Secondly, this achievement can be applied to medical testing. By shifting infrared light to the visible light spectrum, it is possible to detect protein binding and conformational changes, as well as interactions between drug molecules and target molecules, thereby completely suppressing the infrared light background noise at the detection port, and thus helping to improve the sensitivity and performance of medical testing.Once again, the results of this study can be applied to food testing and national defense security, that is, by combining nonlinear metasurfaces, as well as tunable nonlinear metasurfaces, it is expected to achieve super-resolution imaging technology in the infrared band.
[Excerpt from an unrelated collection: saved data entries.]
Definition app3 (A : algebra) (d : term 'I_3) (x y z : A) : A :=
  eval (fun i : 'I_3 => match val i with 0 => x | 1 => y | _ => z end) d.

Definition is_difference_term (E : identities) (d : term 'I_3) : Prop :=
  forall B : algebra, in_variety E B ->
  forall th : B -> B -> Prop, is_con th -> forall a b : B, th a b ->
    app3 d a a b = b /\ comm th th (app3 d a b b) a.

Definition is_weak_difference_term (E : identities) (d : term 'I_3) : Prop :=
  forall B : algebra, in_variety E B ->
  forall th : B -> B -> Prop, is_con th -> forall a b : B, th a b ->
    comm th th (app3 d a a b) b /\ comm th th b (app3 d b a a).

Definition has_difference_term E := exists d, is_difference_term E d.
Definition has_weak_difference_term E := exists d, is_weak_difference_term E d.

End UA.

Arguments Var {F ar V}.
Arguments Delta {F ar A al} Hal be _ _.
Arguments alphahat {F ar A al Hal} _ _.
Arguments Aalpha {F ar A al} Hal.
(* If a depth-proper mttr $M$ is finite-ML-nesting, then $M$ is LHI, i.e., there is $b\in\mathbb N$ with $H(M(t))\le b\cdot H(t)$ for all input trees $t$.
   Context: Trees: for a ranked alphabet $\Sigma$, $T_\Sigma$ is the set of finite ranked ordered trees over $\Sigma$, and $T_\Sigma(A)$ the trees over $\Sigma$ with additional rank-0 symbols from $A$. $X_k=\{x_1,\dots,x_k\}$ are input variables and $Y=\{y_1,y_2,\dots\}$, $Y_m=\{y_1,\dots,y_m\}$ are parameters. A (deterministic bottom-up) tree automaton $(P,\Sigma,h)$ has a finite state set $P$ and maps $h_\sigma:P^k\to P$ for $\sigma\in\Sigma^{(k)}$; $\hat h:T_\Sigma\to P$ is its run and $L_p=\{s\in T_\Sigma\mid \hat h(s)=p\}$. A (total, deterministic) macro tree transducer with look-ahead (mttr) is $M=(Q,P,\Sigma,\Delta,q_0,R,h)$ where $Q$ is a ranked alphabet of states, $\Sigma,\Delta$ are ranked input/output alphabets, $(P,\Sigma,h)$ is a tree automaton (the look-ahead), $q_0\in Q^{(0)}$, and for each $q\in Q^{(m)}$, $\sigma\in\Sigma^{(k)}$, $p_1,\dots,p_k\in P$ there is exactly one rule $\langle q,\sigma(x_1:p_1,\dots,x_k:p_k)\rangle(y_1,\dots,y_m)\to t$ with $t\in T_{\Delta\cup\langle Q,X_k\rangle}(Y_m)$, where $\langle q',x_i\rangle$ has the rank of $q'$. For $q\in Q^{(m)}$ and $s=\sigma(s_1,\dots,s_k)$, $M_q(s)\in T_\Delta(Y_m)$ is obtained from the right-hand side of the rule for $(q,\sigma,\hat h(s_1),\dots,\hat h(s_k))$ by replacing (recursively, innermost first) each subtree $\langle q',x_i\rangle(\xi_1,\dots,\xi_n)$ by $M_{q'}(s_i)$ with each $y_j$ replaced by (the result for) $\xi_j$; $M(s)=M_{q_0}(s)$. Extension and reachability: $\hat M$ is the mttr with input alphabet $\Sigma\cup P$ (each $p\in P$ a rank-0 input symbol with $\hat h_p()=p$), output alphabet $\Delta\cup\langle Q,P\rangle$ (where $\langle q,p\rangle$ has the rank of $q$), the rules of $M$ plus the rules $\langle q,p\rangle(y_1,\dots,y_m)\to\langle q,p\rangle(y_1,\dots,y_m)$ for $q\in Q^{(m)}$, $p\in P$. A pair $\langle q,p\rangle$ is reachable if it occurs in $\hat M(s)$ for some $s\in T_\Sigma(P)$. Depth-proper: for $y\in Y$ and $s\in T_\Delta(Y)$, $\lfloor s\rfloor_y$ is obtained from $s$ by replacing every maximal subtree not containing $y$ by a new rank-0 symbol $\$$. $M$ is depth-proper if for every reachable $\langle q,p\rangle$ with $q\in Q^{(m)}$ and every $y\in Y_m$, the set $\{\lfloor M_q(s)\rfloor_y\mid s\in L_p\}$ is infinite. Height: $H(t)$ is the number of nodes on a longest root-to-leaf path of $t$. ML-nesting: for $t\in T_\Sigma(P)$, the nesting of a root-to-leaf path of $\hat M(t)$ is the number of its nodes labeled by symbols of $\langle Q,P\rangle$. $M$ is finite-ML-nesting if there is $b\in\mathbb N$ such that for every $t\in T_\Sigma(P)$ (with any number of leaves labeled by symbols of $P$), every root-to-leaf path of $\hat M(t)$ has nesting at most $b$. *)

From mathcomp Require Import all_boot.
From Stdlib Require List.
Set Implicit Arguments. Unset Strict Implicit. Unset Printing Implicit Defensive.
Lemma zcomp1r (X Y : zz D) (f : zzmap X Y) : zcomp f (zid X) = f.
Proof. by case: f => fs fh r s; apply: zzmap_ext => * /=; rewrite (pcomp1r HD). Qed.

Lemma zid_valid (X : zz D) : zzvalid (zid X).
Proof.
split; first exact: monotone_id.
split; first by move=> i; rewrite hatn_id.
split; first by move=> i; exact: (pid_valid HD).
split; first by move=> j; exact: (pid_valid HD).
split.
  move=> i p /= e _; case: i / e => e'; uip.
  by rewrite /= (pcomp1l HD) (pcomp1r HD).
split.
  move=> i p /= e _; case: i / e => e'; uip.
  by rewrite /= (pcomp1l HD) (pcomp1r HD).
split; first by move=> j j' /= e; case: j / e => e'; case: (ordw_ords_neq e').
by move=> i /(_ i); rewrite eqxx.
Qed.
End ZLaws.

(* The four commuting squares in [zzvalid] mention casts of slices; we restate
   them as equalities of arrows packed together with their (co)domain indices,
   which composes without any cast bookkeeping. *)

Section Pack.
Variable D : precat.
Variables (I J : Type) (A : I -> pob D) (B : J -> pob D).

Definition parr := {k : I & {i : J & phom (A k) (B i)}}.
Definition pack k i (a : phom (A k) (B i)) : parr := existT _ k (existT _ i a).

Lemma pack_hcast k k' i i' (ek : k = k') (ei : i = i') (a : phom (A k) (B i)) :
  pack (hcast (congr1 A ek) (congr1 B ei) a) = pack a.
Proof. by case: k' / ek; case: i' / ei. Qed.

Lemma pack_inj k i (a b : phom (A k) (B i)) : pack a = pack b -> a = b.
Proof. by move=> E; apply: (inj_pair2 _ _ _ _ _ (inj_pair2 _ _ _ _ _ E)). Qed.

Lemma pack_eq_idx k k' i i' (a : phom (A k) (B i)) (b : phom (A k') (B i')) :
  pack a = pack b -> k = k' /\ i = i'.
Proof.
move=> E; split; first exact: (congr1 (@projT1 _ _) E).
exact: (congr1 (fun u => projT1 (projT2 u)) E).
Qed.

Lemma pack_eq_hcast k k' i i' (a : phom (A k) (B i)) (b : phom (A k') (B i')) :
  pack a = pack b -> forall (ek : k = k') (ei : i = i'),
  hcast (congr1 A ek) (congr1 B ei) a = b.
Proof. by move=> E ek ei; apply: pack_inj; rewrite pack_hcast. Qed.
End Pack.
Arguments pack {D I J A B k i}.

Section PackedValidity.
Variable D : precat.

Definition rsarr (X Y : zz D) := parr (zreg X) (zsing Y).
Definition rs (X Y : zz D) k i (a : phom (zreg X k) (zsing Y i)) : rsarr X Y := pack a.
Arguments rs {X Y} k i a.

Definition rs_post (X Y W : zz D) (g : zzmap Y W) (u : rsarr X Y) : rsarr X W :=
  let: existT k (existT i a) := u in rs k (mfs g i) (pcompose (msing g i) a).
Definition rs_pre (X Y W : zz D) (f : zzmap X Y) (u : rsarr Y W) : rsarr X W :=
  let: existT k (existT i a) := u in rs (mfh f k) i (pcompose a (mreg f k)).

Lemma rs_hcast (X Y : zz D) k k' i i' (ek : k = k') (ei : i = i')
    (a : phom (zreg X k) (zsing Y i)) :
  rs k' i' (hcast (congr1 (zreg X) ek) (congr1 (zsing Y) ei) a) = rs k i a.
Proof. exact: pack_hcast. Qed.

Lemma rs_inj (X Y : zz D) k i (a b : phom (zreg X k) (zsing Y i)) :
  rs k i a = rs k i b -> a = b.
Proof. exact: pack_inj. Qed.

Lemma rs_eq_hcast (X Y : zz D) k k' i (a : phom (zreg X k) (zsing Y i)) b :
  rs k i a = rs k' i b -> forall ek : k = k', hcast (congr1 (zreg X) ek) erefl a = b.
Proof. by move=> E ek; exact: (pack_eq_hcast E ek erefl). Qed.

Variables X Y : zz D.
Implicit Type f : zzmap X Y.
Transform infrared images into visible light

Infrared detection has long been widely used in various fields. For example, by measuring the absorption of materials to infrared radiation, it can provide information about molecular structures and chemical bonds, hence it has great potential in medical diagnostics, video quality control, environmental monitoring, night vision, and security.

The continuous innovation and development of infrared detection technology is expected to promote its application in medical, food, environmental protection, and security fields.

However, the current challenge of infrared detection technology is that most infrared detectors are based on thermal detectors. Although the cost is relatively low, the speed is slow, and the sensitivity is insufficient, which severely limits their performance.Semiconductor detectors, as an alternative choice, have the advantage of high sensitivity, but they often require special cooling and complex processing techniques, or they need extremely low temperatures to maintain appropriate performance levels.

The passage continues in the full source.